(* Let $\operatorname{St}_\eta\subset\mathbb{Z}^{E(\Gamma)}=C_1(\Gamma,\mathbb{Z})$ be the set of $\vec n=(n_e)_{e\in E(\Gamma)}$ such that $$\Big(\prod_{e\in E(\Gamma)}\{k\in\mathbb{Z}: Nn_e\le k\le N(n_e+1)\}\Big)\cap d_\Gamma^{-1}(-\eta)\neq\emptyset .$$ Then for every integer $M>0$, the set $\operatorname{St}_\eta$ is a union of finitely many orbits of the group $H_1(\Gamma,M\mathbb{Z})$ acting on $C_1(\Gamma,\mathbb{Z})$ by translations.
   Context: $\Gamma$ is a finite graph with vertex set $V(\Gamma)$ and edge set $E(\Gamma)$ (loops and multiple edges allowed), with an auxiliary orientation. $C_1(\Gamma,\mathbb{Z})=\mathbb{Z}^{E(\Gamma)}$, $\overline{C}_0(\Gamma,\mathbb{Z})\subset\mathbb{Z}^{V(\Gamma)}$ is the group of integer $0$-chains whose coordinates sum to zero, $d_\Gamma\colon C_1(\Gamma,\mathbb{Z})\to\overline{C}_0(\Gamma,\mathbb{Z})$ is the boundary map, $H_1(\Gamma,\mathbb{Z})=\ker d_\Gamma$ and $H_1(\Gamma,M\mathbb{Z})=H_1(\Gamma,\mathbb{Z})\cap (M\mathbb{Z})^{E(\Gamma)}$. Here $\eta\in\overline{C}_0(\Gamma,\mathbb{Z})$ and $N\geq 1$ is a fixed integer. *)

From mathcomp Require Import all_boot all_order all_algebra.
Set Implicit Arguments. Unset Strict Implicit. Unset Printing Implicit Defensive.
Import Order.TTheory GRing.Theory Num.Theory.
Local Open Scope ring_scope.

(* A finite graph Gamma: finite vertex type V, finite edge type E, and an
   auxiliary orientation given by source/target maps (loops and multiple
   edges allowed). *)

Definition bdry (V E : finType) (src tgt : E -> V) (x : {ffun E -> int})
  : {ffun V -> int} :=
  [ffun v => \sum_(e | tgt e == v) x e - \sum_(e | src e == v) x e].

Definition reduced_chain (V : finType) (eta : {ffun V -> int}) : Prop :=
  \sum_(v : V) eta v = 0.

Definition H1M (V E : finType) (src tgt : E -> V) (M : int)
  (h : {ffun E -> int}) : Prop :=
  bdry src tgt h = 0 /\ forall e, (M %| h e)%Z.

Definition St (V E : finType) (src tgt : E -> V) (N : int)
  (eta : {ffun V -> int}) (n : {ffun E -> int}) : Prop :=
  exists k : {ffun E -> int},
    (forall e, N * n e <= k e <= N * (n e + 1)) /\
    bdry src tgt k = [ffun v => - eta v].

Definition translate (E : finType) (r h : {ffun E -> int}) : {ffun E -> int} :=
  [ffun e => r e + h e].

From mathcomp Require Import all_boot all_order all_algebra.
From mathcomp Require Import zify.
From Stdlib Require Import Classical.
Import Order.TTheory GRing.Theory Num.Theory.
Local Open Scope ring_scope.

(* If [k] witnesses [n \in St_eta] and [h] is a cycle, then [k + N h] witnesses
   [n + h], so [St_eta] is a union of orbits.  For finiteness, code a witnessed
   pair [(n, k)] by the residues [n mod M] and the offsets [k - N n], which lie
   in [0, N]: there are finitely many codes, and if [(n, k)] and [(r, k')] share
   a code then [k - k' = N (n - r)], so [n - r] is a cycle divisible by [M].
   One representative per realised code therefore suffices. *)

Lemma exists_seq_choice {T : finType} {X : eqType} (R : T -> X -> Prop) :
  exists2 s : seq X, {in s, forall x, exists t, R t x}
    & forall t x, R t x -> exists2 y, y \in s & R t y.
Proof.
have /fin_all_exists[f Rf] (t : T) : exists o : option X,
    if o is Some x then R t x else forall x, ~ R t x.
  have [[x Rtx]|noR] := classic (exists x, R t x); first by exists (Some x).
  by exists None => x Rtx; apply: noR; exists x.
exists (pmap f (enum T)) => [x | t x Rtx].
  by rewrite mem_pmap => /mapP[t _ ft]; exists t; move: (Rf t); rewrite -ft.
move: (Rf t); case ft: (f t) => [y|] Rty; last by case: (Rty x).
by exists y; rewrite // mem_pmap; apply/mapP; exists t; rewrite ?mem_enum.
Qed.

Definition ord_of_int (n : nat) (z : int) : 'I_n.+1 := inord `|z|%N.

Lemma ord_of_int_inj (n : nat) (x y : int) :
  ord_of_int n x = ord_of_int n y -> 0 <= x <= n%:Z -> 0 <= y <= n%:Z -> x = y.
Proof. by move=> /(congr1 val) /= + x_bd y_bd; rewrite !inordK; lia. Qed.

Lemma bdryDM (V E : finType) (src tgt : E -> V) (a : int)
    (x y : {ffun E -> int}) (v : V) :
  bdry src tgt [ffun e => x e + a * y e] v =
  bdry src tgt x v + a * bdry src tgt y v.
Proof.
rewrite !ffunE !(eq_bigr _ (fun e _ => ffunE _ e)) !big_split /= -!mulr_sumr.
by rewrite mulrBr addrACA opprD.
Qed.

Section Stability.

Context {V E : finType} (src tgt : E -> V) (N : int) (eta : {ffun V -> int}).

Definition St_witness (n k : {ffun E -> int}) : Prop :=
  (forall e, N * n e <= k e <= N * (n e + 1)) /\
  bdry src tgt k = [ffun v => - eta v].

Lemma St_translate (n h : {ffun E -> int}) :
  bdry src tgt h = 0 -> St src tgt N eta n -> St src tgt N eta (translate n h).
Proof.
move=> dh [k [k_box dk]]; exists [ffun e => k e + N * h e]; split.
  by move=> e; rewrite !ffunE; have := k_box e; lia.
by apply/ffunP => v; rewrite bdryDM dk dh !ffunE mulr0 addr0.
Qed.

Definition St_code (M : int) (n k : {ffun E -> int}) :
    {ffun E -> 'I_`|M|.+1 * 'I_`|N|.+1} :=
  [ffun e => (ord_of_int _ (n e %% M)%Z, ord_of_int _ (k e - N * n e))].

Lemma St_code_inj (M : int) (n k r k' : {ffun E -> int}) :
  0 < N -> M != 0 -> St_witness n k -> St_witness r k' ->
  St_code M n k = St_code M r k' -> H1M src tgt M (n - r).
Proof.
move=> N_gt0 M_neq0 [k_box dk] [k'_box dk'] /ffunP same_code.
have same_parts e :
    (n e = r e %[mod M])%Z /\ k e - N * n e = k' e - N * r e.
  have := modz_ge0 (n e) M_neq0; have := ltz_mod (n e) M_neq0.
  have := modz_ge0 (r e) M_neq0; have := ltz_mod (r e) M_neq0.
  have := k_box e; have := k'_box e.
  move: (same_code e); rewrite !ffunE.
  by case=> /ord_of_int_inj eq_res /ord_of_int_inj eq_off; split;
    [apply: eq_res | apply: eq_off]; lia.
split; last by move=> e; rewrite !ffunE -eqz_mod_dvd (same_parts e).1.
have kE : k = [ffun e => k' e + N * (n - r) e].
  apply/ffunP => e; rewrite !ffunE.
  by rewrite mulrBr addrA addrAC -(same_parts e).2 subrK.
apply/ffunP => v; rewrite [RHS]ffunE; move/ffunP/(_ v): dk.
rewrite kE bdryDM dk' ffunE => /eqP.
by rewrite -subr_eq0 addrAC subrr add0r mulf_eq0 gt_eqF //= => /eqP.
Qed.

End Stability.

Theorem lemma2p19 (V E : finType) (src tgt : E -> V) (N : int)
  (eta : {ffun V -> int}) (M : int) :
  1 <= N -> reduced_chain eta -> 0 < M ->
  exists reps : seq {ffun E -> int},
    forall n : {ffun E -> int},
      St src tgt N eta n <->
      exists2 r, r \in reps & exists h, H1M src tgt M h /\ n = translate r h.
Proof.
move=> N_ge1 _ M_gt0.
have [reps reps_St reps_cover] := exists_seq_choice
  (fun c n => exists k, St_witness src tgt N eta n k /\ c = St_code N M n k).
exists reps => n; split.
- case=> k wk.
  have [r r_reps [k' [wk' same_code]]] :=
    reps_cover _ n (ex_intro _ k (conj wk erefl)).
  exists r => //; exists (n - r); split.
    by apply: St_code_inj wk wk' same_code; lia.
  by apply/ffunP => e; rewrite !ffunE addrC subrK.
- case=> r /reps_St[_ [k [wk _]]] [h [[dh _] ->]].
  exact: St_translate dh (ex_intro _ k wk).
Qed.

******

→ **What to work on**: Would you report every line of the entries above containing the word "allowed"?

→ **Problem solution**:
   Context: $\Gamma$ is a finite graph with vertex set $V(\Gamma)$ and edge set $E(\Gamma)$ (loops and multiple edges allowed), with an auxiliary orientation. $C_1(\Gamma,\mathbb{Z})=\mathbb{Z}^{E(\Gamma)}$, $\overline{C}_0(\Gamma,\mathbb{Z})\subset\mathbb{Z}^{V(\Gamma)}$ is the group of integer $0$-chains whose coordinates sum to zero, $d_\Gamma\colon C_1(\Gamma,\mathbb{Z})\to\overline{C}_0(\Gamma,\mathbb{Z})$ is the boundary map, $H_1(\Gamma,\mathbb{Z})=\ker d_\Gamma$ and $H_1(\Gamma,M\mathbb{Z})=H_1(\Gamma,\mathbb{Z})\cap (M\mathbb{Z})^{E(\Gamma)}$. Here $\eta\in\overline{C}_0(\Gamma,\mathbb{Z})$ and $N\geq 1$ is a fixed integer. *)
   edges allowed). *)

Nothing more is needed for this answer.